I resisted for quite a while, but one evening when I was too tired to tackle any of the more “serious” titles I'd been working on, I picked up High Five. In ten minutes I was laughing out loud. In twenty I was apologizing to my husband for impugning his taste. High Five might not be the great American novel, but it is a near-masterpiece of craft.
Ms. Evanovich's characters are quirky (to the point of being bizarre) and yet totally believable. They inhabit the ethnically mixed neighborhoods of Trenton, New Jersey, a place I've never visited but which felt concrete and plausible despite the outrageous events that take place there. Stephanie – twenty-something native of Trenton, a perennially broke lingerie salesgirl turned bail bounty hunter – jumps off the pages. Her wry, self-deprecating first person narrative draws you into her world of unpaid bills and doughnut dinners, car bombs and church bingo, smothering family and sexy guys with hidden agendas.

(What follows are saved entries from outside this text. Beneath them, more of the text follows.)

Lemma upper_freeze (Y : nat -> R) m : (m < n)%N ->
  cvg (fun t => sorted_val (z t) m) (Y m) ->
  cvg (fun t => sorted_val (z t) m.+1) (Y m.+1) -> Y m.+1 < Y m ->
  exists T, forall t, (T <= t)%N -> upper (z t.+1) m.+1 = upper (z t) m.+1.
Proof.
move=> hm h1 h2 hY; set g := Y m - Y m.+1.
have hg : 0 < g by rewrite /g; lra.
have [hbK hbc _] := b_ok b0_gt0 (lexx _).
have hkap : 0 < kappa N c b0.
  by apply: mulr_gt0; [have := hc0; lra | apply: exprn_gt0; exact: b0_gt0].
have [T1 hT1] := Phi_steps_small (divr_gt0 (mulr_gt0 hkap hg) (ltr0n _ 2)).
have [T2 hT2] := h1 _ (divr_gt0 hg (ltr0n _ 4)).
have [T3 hT3] := h2 _ (divr_gt0 hg (ltr0n _ 4)).
exists (maxn T1 (maxn T2 T3)) => t; rewrite !geq_max => /and3P [/hT1 ht1 /hT2 ht2 /hT3 ht3].
apply/eqP; apply/negPn/negP; rewrite hz => hne.
have := Phi_drop (ha0 t) (ha1 t) (hdiag t) (hsym t) b0_gt0 hbK hbc hc1 hm hne.
rewrite -hz; move: ht1 ht2 ht3; rewrite /g !ltr_norml.
set y1 := sorted_val _ m; set y2 := sorted_val _ m.+1 => ht1 /andP [? ?] /andP [? ?] hd.
have : kappa N c b0 * ((Y m - Y m.+1) / 2) <= kappa N c b0 * (y1 - y2).
  by apply: ler_wpM2l; [exact: ltW | lra].
lra.
Qed.

Lemma gap_between (Y : nat -> R) k k' :
  (k < k')%N -> Y k' < Y k -> exists m, [/\ (k <= m)%N, (m < k')%N & Y m.+1 < Y m].
Proof.
elim: k' => // k' IH hk hY.
case: (ltP (Y k'.+1) (Y k')) => h; first by exists k'.
have hY' : Y k' < Y k by apply: le_lt_trans h hY.
have hk' : (k < k')%N.
  by move: hk; rewrite ltnS leq_eqVlt => /orP [/eqP e | //]; rewrite e ltxx in hY'.
by have [m [h1 h2 h3]] := IH hk' hY'; exists m; split => //; apply: ltnW.
Qed.

Lemma level_le (Y : nat -> R) (z1 z2 : 'I_N -> R) i :
  (forall k k', (k <= k')%N -> (k' < N)%N -> Y k' <= Y k) ->
  (forall m, (m < n)%N -> Y m.+1 < Y m -> upper z2 m.+1 = upper z1 m.+1) ->
  Y (rank_perm z1 i) <= Y (rank_perm z2 i).
Proof.
move=> hmono hup; rewrite leNgt; apply/negP => hlt.
have hk : (rank_perm z1 i < rank_perm z2 i)%N.
  by rewrite ltnNge; apply/negP => /hmono /(_ (ltn_ord _)); rewrite leNgt hlt.
have [m [h1 h2 h3]] := gap_between hk hlt.
have hm : (m < n)%N by rewrite -ltnS; exact: leq_ltn_trans h2 (ltn_ord _).
by move: (hup m hm h3) => /setP /(_ i); rewrite !inE !ltnS h1 leqNgt h2.
Qed.

(* Main result on averaging dynamics: each index eventually keeps the
   limit level lvl of its rank, and its value converges to that level. *)
Theorem dynamics_cvg i : exists L, cvg (fun t => z t i) L.
Proof.
have [Y hY] := sorted_limits.
have hmono k k' : (k <= k')%N -> (k' < N)%N -> Y k' <= Y k.
  move=> hk hk'; apply: (cvg_le (u := fun t => sorted_val (z t) k')) (hY _ hk') (hY _ _).
    by move=> t; apply: sorted_val_mono.
  exact: leq_ltn_trans hk hk'.
have [T1 hT1] : exists T, forall t, (T <= t)%N -> forall m, (m < n)%N ->
    Y m.+1 < Y m -> upper (z t.+1) m.+1 = upper (z t) m.+1.
  apply: (eventually_all (P := fun m t => Y m.+1 < Y m -> upper _ m.+1 = _)) => m hm.
  case: (ltP (Y m.+1) (Y m)) => hgap; last by exists 0%N.
  have [T hT] := upper_freeze hm (hY m (ltn_trans hm (ltnSn n))) (hY m.+1 hm) hgap.
  by exists T => t ht _; apply: hT.
pose lvl t := Y (rank_perm (z t) i).
have hlvl t : (T1 <= t)%N -> lvl t = lvl T1.
  elim: t => [|t IH]; first by rewrite leqn0 => /eqP ->.
  rewrite leq_eqVlt => /orP [/eqP <- // | ht]; rewrite -IH // /lvl.
  have hup := hT1 t ht.
  apply/eqP; rewrite eq_le; apply/andP; split;
    by apply: level_le => // m hm hgap; rewrite hup.
exists (lvl T1) => eps he.
have [T2 hT2] := eventually_all (P := fun k t => `|sorted_val (z t) k - Y k| < eps)
  (fun k hk => hY k hk eps he).
exists (maxn T1 T2) => t; rewrite geq_max => /andP [ht1 ht2].
by rewrite sorted_val_rank -(hlvl t ht1) /lvl; apply: hT2.
Qed.

End Dynamics.

Definition hull p M (X : nat -> vec) (y : vec) :=
  exists lam : nat -> R, [/\ forall j, (j < M)%N -> 0 <= lam j,
    \sum_(j < M) lam j = 1 &
    forall k, (k < p)%N -> y k = \sum_(j < M) lam j * X j k].

Lemma sum_toE M (g : nat -> R) : sum_to M g = \sum_(j < M) g j.
Proof. by elim: M => [|M IH] /=; rewrite ?big_ord0 // big_ord_recr /= IH. Qed.

Lemma in_hullE p M X y : in_hull p M X y <-> hull p M X y.
Proof.
split=> -[lam].
  move=> [h1 [h2 h3]]; exists lam; split.
  - by move=> j /ssrnat.ltP /h1 /RleP.
  - by rewrite -sum_toE.
  - by move=> k /ssrnat.ltP /h3 ->; rewrite sum_toE.
move=> [h1 h2 h3]; exists lam; split; [|split].
- by move=> j /ssrnat.ltP /h1 /RleP.
- by rewrite sum_toE.
- by move=> k /ssrnat.ltP /h3 ->; rewrite sum_toE.
Qed.

Lemma hull_ext p M X (y v : vec) :
  (forall k, (k < p)%N -> v k = y k) -> hull p M X y -> hull p M X v.
Proof. by move=> h [lam [h1 h2 h3]]; exists lam; split => // k hk; rewrite h // h3. Qed.

Lemma hull_nonempty p M X y : hull p M X y -> (0 < M)%N.
Proof.
by case: M => // -[lam [_ + _]]; rewrite big_ord0 => /esym/eqP; rewrite oner_eq0.
Qed.

Lemma hull_pt p M X j : (j < M)%N -> hull p M X (X j).
Proof.
move=> hj; exists (fun i => (i == j)%:R); split.
- by move=> i _; rewrite ler0n.
- rewrite (bigD1 (Ordinal hj)) //= eqxx big1 ?addr0 // => i hi.
  by rewrite (_ : (i == j :> nat) = false) // -[j]/(val (Ordinal hj)); apply/negbTE.
- move=> k _; rewrite (bigD1 (Ordinal hj)) //= eqxx mul1r big1 ?addr0 // => i hi.
  by rewrite (_ : (i == j :> nat) = false) ?mul0r // -[j]/(val (Ordinal hj)); apply/negbTE.
Qed.

Lemma weight_le1 M (lam : nat -> R) j : (forall i, (i < M)%N -> 0 <= lam i) ->
  \sum_(i < M) lam i = 1 -> (j < M)%N -> lam j <= 1.
Proof.
move=> h1 h2 hj; rewrite -h2 (bigD1 (Ordinal hj)) //= lerDl.
by apply: sumr_ge0 => i _; apply: h1.
Qed.

Lemma hull_trans p M M' (Y X : nat -> vec) y :
  hull p M Y y -> (forall i, (i < M)%N -> hull p M' X (Y i)) -> hull p M' X y.
Proof.
move=> [lam [h1 h2 h3]] hY.
have [Lam hL] : exists Lam : nat -> nat -> R, forall i, (i < M)%N ->
    [/\ forall j, (j < M')%N -> 0 <= Lam i j, \sum_(j < M') Lam i j = 1 &
        forall k, (k < p)%N -> Y i k = \sum_(j < M') Lam i j * X j k].
  apply: (functional_choice (fun i (L : nat -> R) => (i < M)%N ->
    [/\ forall j, (j < M')%N -> 0 <= L j, \sum_(j < M') L j = 1 &
        forall k, (k < p)%N -> Y i k = \sum_(j < M') L j * X j k])) => i.
  by case: (ltnP i M) => [/hY [L hL] | _]; [exists L | exists (fun _ => 0)].
exists (fun j => \sum_(i < M) lam i * Lam i j); split.
- move=> j hj; apply: sumr_ge0 => i _.
  by have [+ _ _] := hL i (ltn_ord i) => /(_ j hj); apply: mulr_ge0; apply: h1.
- rewrite exchange_big /= -h2; apply: eq_bigr => i _.
  by have [_ + _] := hL i (ltn_ord i); rewrite -mulr_sumr => ->; rewrite mulr1.
- move=> k hk; rewrite h3 //; under [RHS]eq_bigr do rewrite mulr_suml.
  rewrite [RHS]exchange_big /=; apply: eq_bigr => i _.
  have [_ _ ->] := hL i (ltn_ord i) => //.
  by rewrite mulr_sumr; apply: eq_bigr => j _; rewrite mulrA.
Qed.

Lemma hull_peel p M (X : nat -> vec) (lam : nat -> R) (y : vec) :
  (forall j, (j < M.+1)%N -> 0 <= lam j) -> \sum_(j < M.+1) lam j = 1 ->
  (forall k, (k < p)%N -> y k = \sum_(j < M.+1) lam j * X j k) -> lam M < 1 ->
  hull p M X (fun k => (y k - lam M * X M k) / (1 - lam M)).
Proof.
move=> h1 h2 h3 hlt; rewrite big_ord_recr /= in h2.
have hne : 1 - lam M != 0 by rewrite subr_eq0 eq_sym lt_eqF.
exists (fun j => lam j / (1 - lam M)); split.
- by move=> j hj; apply: divr_ge0; [apply: h1; exact: leqW hj | lra].
- by rewrite -mulr_suml (_ : \sum_(j < M) lam j = 1 - lam M) ?mulfV //; lra.
- move=> k hk; rewrite h3 // big_ord_recr /= addrK mulr_suml.
  by apply: eq_bigr => j _; rewrite mulrAC.
Qed.

Lemma hull_cons p M (X : nat -> vec) (L : R) (w : vec) : 0 <= L <= 1 -> hull p M X w ->
  hull p M.+1 X (fun k => L * X M k + (1 - L) * w k).
Proof.
move=> /andP [hL0 hL1] [mu [h1 h2 h3]].
exists (fun j => if (j < M)%N then (1 - L) * mu j else L); split.
- move=> j _; case: ifP => // /h1; apply: mulr_ge0; lra.
- rewrite big_ord_recr /= ltnn (eq_bigr (fun j : 'I_M => (1 - L) * mu j)).
    by rewrite -mulr_sumr h2; ring.
  by move=> j _; rewrite ltn_ord.
- move=> k hk; rewrite big_ord_recr /= ltnn h3 // mulr_sumr addrC.
  by congr (_ + _); apply: eq_bigr => j _; rewrite ltn_ord mulrA.
Qed.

What I admired most about the book, though, was the dialogue. I'd consider selling my soul to be able to create such vivid, lively, hilarious conversations. Ms. Evanovich has an expert grasp of dialect as well as an enviable capability for giving each speaker a totally distinctive voice. More than once I had to stop and share some snippet with my husband, full of admiration – even though he'd already read the book, had in fact been the one who chose it over my reservations. He very generously refrained from gloating.
By the time I'd finished, I had to admit it: popular, mass-market fiction though it might be, High Five showed signs of true artistry, albeit employed for the sole purpose of entertainment. My elitist beliefs had been crushed. I can't dismiss best selling authors purely because of their success. They may write as well, or better, than I do. Genre and market do not pre-determine quality. And I can't use a focus on craft as an excuse for my own poor sales, either.
It's a bit of a hard lesson, but hopefully one I won't forget. After all, there are a lot of books out there that I might not have considered reading previously – but that I now understand might be worth a try.